The WLF filed its brief because the Obama Justice Department prosecuted Jack and Peter DeCoster, the owner and chief operating officer of a leading Iowa egg-producing firm, Quality Egg. A salmonella outbreak had been traced to one of the company’s plants. The DeCosters, who were wholly unaware of the conditions responsible for the outbreak, and who had taken substantial, expensive steps to comply with federal egg-safety standards, promptly took responsible action: They issued a voluntary nationwide recall for hundreds of millions of eggs and fully cooperated with the FDA’s investigation. Quality Egg and its insurer ultimately paid $15 million in fines and damages, and the two executives agreed personally to pay an additional $83,000 in restitution.
Yet the Obama Justice Department charged them anyway — even as it conceded that they had no knowledge that any eggs sold were contaminated. In pleading guilty to a misdemeanor, the DeCosters argued that the Constitution prohibits incarceration in the absence of proof that a defendant knew or actively participated in any wrongdoing. The judge, relying on the aforementioned Supreme Court precedents, rejected their claim, sentencing each of them to three months’ imprisonment and a criminal fine of $100,000. A sharply divided panel of the Eighth Circuit appeals court upheld the sentences.
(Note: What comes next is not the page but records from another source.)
(** * Explicit formulas *)

Lemma ubern_sdil rho :
  ubern rho = smul (sconst (RtoC (- / rho))) (sdil (RtoC (- rho)) sexpm1).
Proof.
  unfold ubern, sexpm1.
  rewrite sdil_sub, sdil_sexp, sdil_sone, sscale_sconst, (RtoC_opp (/ rho)), sconst_opp.
  replace (Cmul (RtoC (- rho)) Defs.C1) with (RtoC (- rho)) by ring; ring.
Qed.

Lemma ubern_0 rho : ubern rho O = C0.
Proof. unfold ubern, sscale, ssub, sone, sexp, Cscale; simpl; rewrite Rinv_1; Cx_compute. Qed.

(* Only [m <= n] contributes to the coefficient of [t^n], as [u^m = O(t^m)]. *)
Lemma LiOverU_mul_coef rho q k z n :
  smul (LiOverU rho q k) (sexp z) n =
  Csum n (fun m => Cmul (RtoC (/ qnum q (S m) ^ k)) (smul (spow (ubern rho) m) (sexp z) n)).
Proof.
  unfold smul at 1; unfold LiOverU, Cscale.
  rewrite (Csum_ext n _ (fun i => Csum i (fun m => Cmul (Cmul (RtoC (/ qnum q (S m) ^ k))
    (spow (ubern rho) m i)) (sexp z (n - i)%nat)))) by (intros; apply eq_sym, Csum_mulr).
  rewrite Csum_triangle; apply Csum_ext; intros m Hm; unfold smul.
  rewrite (Csum_shift m n), <- Csum_mull; [apply Csum_ext; intros; ring | lia |].
  intros; rewrite spow_vanish by (apply ubern_0 || lia); ring.
Qed.

Lemma qpolyB_S2w n rho q k z : rho <> 0 ->
  qpolyB n rho q k z = Csum n (fun m =>
    Cmul (RtoC (INR (fact m) * (- rho) ^ n * (- / rho) ^ m / qnum q (S m) ^ k))
         (S2w n m (Cscale (/ rho) z))).
Proof.
  intros Hrho; unfold qpolyB, Cscale at 1; rewrite LiOverU_mul_coef, <- Csum_mull.
  apply Csum_ext; intros m Hm.
  assert (Hdil : smul (spow (ubern rho) m) (sexp (Copp z)) =
    smul (sconst (RtoC ((- / rho) ^ m))) (sdil (RtoC (- rho)) (S2w_gf (Cscale (/ rho) z) m))).
  { rewrite ubern_sdil, spow_smul, spow_sconst, Cpow_RtoC.
    unfold S2w_gf; rewrite sdil_mul, sdil_sexp, sdil_spow.
    replace (Cmul (RtoC (- rho)) (Cscale (/ rho) z)) with (Copp z); [ring|].
    unfold Cscale, Cmul, Copp, RtoC; apply Cx_ext; simpl; field; assumption. }
  rewrite Hdil, smul_sconstl, S2w_coef; unfold sdil; rewrite Cpow_RtoC.
  rewrite !Cx_ring.(Rmul_assoc), <- !RtoC_mul; do 2 f_equal.
  rewrite <- (Rmult_1_r (INR (fact n))) at 1.
  rewrite <- (Rinv_r (INR (fact m))) by apply INR_fact_neq_0; unfold Rdiv; ring.
Qed.

Definition mjint_fall (q : R) (k : nat) (s : R) (w : Cx) (l : nat) : Cx :=
  mjint q k (fun P => Cfall (Csub (RtoC (s * P)) w) l).
(* Let $\alpha$ be a normalized, right-continuous dynamic coherent acceptability index and $(\rho^x)_{x\in(0,\infty)}$ the corresponding family of dynamic coherent risk measures. Assume that for each $x>0$ the DCRM $\rho^x$ is strongly time consistent, and that all one-step risk measures $\rho^x_{t,t+1}$ are identical across nodes in the sense of condition (I) of the context. Then, in the market model of the context (short-selling constraints), the maximal acceptability is independent of wealth, time and state: $\alpha^*_t(V_t;\omega)=\alpha^*_0(1)$ for all $t\in\{0,\dots,T-1\}$, all $\omega\in\Omega$ and all strictly positive $V_t\in L_t$.
   Context: Setting: $\mathcal T=\{0,\dots,T\}$, finite filtered probability space $(\Omega,\mathcal F,(\mathcal F_t)_{t\in\mathcal T},\mathbb P)$ with $\mathbb P$ of full support and $\mathcal F_0$ trivial; $\mathcal P_t$ is the partition of $\Omega$ generating $\mathcal F_t$; $L_t$ denotes $\mathcal F_t$-measurable random variables; $\mathbb D$ is the set of adapted real processes $D=(D_t)_{t=0}^T$ (cash flows); $\mathbb 1_{\{s\}}$ denotes the process equal to $1$ at time $s$ and $0$ otherwise, and $\mathbb 1_A$ the indicator of an event. A dynamic coherent acceptability index (DCAI) is $\alpha:\mathcal T\times\mathbb D\times\Omega\to[0,\infty]$ such that for all $t$, $D,D'\in\mathbb D$, $A\in\mathcal F_t$: (A1) $\alpha_t(D)$ is $\mathcal F_t$-measurable; (A2) if $\mathbb 1_AD_s=\mathbb 1_AD'_s$ for all $s\ge t$ then $\mathbb 1_A\alpha_t(D)=\mathbb 1_A\alpha_t(D')$; (A3) if $D_s\ge D'_s$ for all $s\ge t$ then $\alpha_t(D)\ge\alpha_t(D')$; (A4) $\alpha_t(\lambda D)=\alpha_t(D)$ for $\lambda\in L_t$, $\lambda>0$; (A5) $\alpha_t(\lambda D+(1-\lambda)D')\ge\min\{\alpha_t(D),\alpha_t(D')\}$ for $0\le\lambda\le1$, $\lambda\in L_t$; (A6) $\alpha_t(D+m\mathbb 1_{\{t\}})=\alpha_t(D+m\mathbb 1_{\{s\}})$ for $m\in L_t$, $s\ge t$; (A7) if $D_t\ge0\ge D'_t$ and there is $m\in L_t$ with $\alpha_{t+1}(D)\ge m\ge\alpha_{t+1}(D')$ then $\alpha_t(D)\ge m\ge\alpha_t(D')$. It is normalized if for all $t,\omega$ there are $D,D'$ with $\alpha_t(D,\omega)=\infty$, $\alpha_t(D',\omega)=0$; right-continuous if $\lim_{c\to0^+}\alpha_t(D+c\mathbb 1_{\{t\}},\omega)=\alpha_t(D,\omega)$. A dynamic coherent risk measure (DCRM) is $\rho:\mathcal T\times\mathbb D\times\Omega\to\mathbb R$ with (R1) adaptedness; (R2) independence of the past (as A2); (R3) $D_s\ge D'_s\ \forall s\ge t\Rightarrow\rho_t(D)\le\rho_t(D')$; (R4) $\rho_t(\lambda D)=\lambda\rho_t(D)$, $\lambda\in L_t$, $\lambda>0$; (R5) subadditivity; (R6) $\rho_t(D+m\mathbb 1_{\{s\}})=\rho_t(D)-m$ for $m\in L_t$, $s\ge t$; (R7) $\mathbb 1_A(\min_{\omega\in A}\rho_{t+1}(D,\omega)-D_t)\le\mathbb 1_A\rho_t(D)\le\mathbb 1_A(\max_{\omega\in A}\rho_{t+1}(D,\omega)-D_t)$ for $A\in\mathcal F_t$. The family corresponding to $\alpha$ is $\rho^x_t(D,\omega):=\inf\{c\in\mathbb R:\alpha_t(D+c\mathbb 1_{\{t\}},\omega)\ge x\}$, $x>0$; it is an increasing left-continuous family of DCRMs with $\alpha_t(D,\omega)=\sup\{x>0:\rho^x_t(D,\omega)\le0\}$. A DCRM is strongly time consistent if for $D,D'$ and $t<T$: $D_t=D'_t$ and $\rho_{t+1}(D)=\rho_{t+1}(D')$ imply $\rho_t(D)=\rho_t(D')$ (equivalently $\rho_t(D)=\rho_t(-\rho_{t+1}(D)\mathbb 1_{\{t+1\}})-D_t$). One-step risk measures: $\rho^x_{t,t+1}(Z,\omega):=\rho^x_t(Z\mathbb 1_{\{t+1\}})(\omega)$ for $\mathcal F_{t+1}$-measurable $Z$. Condition (I): for all $t,s$, $\Omega_t\in\mathcal P_t$, $\Omega_s\in\mathcal P_s$, $\rho^x_{t,t+1}(D_{t+1},\omega)=\rho^x_{s,s+1}(D'_{s+1},\omega')$ for all $\omega\in\Omega_t$, $\omega'\in\Omega_s$ and all $D,D'$ such that $\mathbb 1_{\Omega_t}D_{t+1}$ and $\mathbb 1_{\Omega_s}D'_{s+1}$ have the same distribution and are zero outside $\Omega_t$ resp. $\Omega_s$. Market: $d$ assets with strictly positive gross returns $R_{s+1}\in\mathbb R^d$, $s=0,\dots,T-1$, i.i.d., generating the filtration. For $\mathcal F_t$-measurable wealth $V_t>0$, $\mathcal H_t^+(V_t)$ is the set of adapted $(h_s)_{s=t}^{T-1}$, $h_s\in\mathbb R^d_+$, with $\mathbf 1^\top h_s=V_s$, $V_{s+1}=R_{s+1}^\top h_s$. The dividend stream of $h$ is $D_s(h)=V_s-V_{s-1}$, and $D^{[t+1,T]}(h):=(0,\dots,0,D_{t+1}(h),\dots,D_T(h))$. Maximal acceptability: $\alpha^*_t(V_t;\omega):=\sup_{h\in\mathcal H^+_t(V_t)}\alpha_t(D^{[t+1,T]}(h);\omega)$. *)

From HB Require Import structures.
From mathcomp Require Import all_boot all_order all_algebra.
From mathcomp Require Import all_classical all_reals.
From mathcomp Require Import topology normedtype ereal.
Set Implicit Arguments. Unset Strict Implicit. Unset Printing Implicit Defensive.
Import Order.TTheory GRing.Theory Num.Theory.
Local Open Scope ring_scope.
Local Open Scope classical_set_scope.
The DeCosters have sought Supreme Court review. The Justice Department, now run by the Trump administration, is due to file its response in mid March. To this point in the administration’s early days, it has admirably stood for a return to the rule of law in immigration enforcement. Attorney General Sessions could strike a blow for the return of constitutional principle by encouraging the high court to take the case, throw out these groundless convictions, and put an end to the responsible-corporate-officer doctrine.
I don’t know about making America great again. But making America America again should, at the very least, restore the idea that real criminals should serve their sentences and innocent people should never be sentenced in the first place.
— Andrew C. McCarthy is a senior policy fellow at the National Review Institute and a contributing editor of National Review.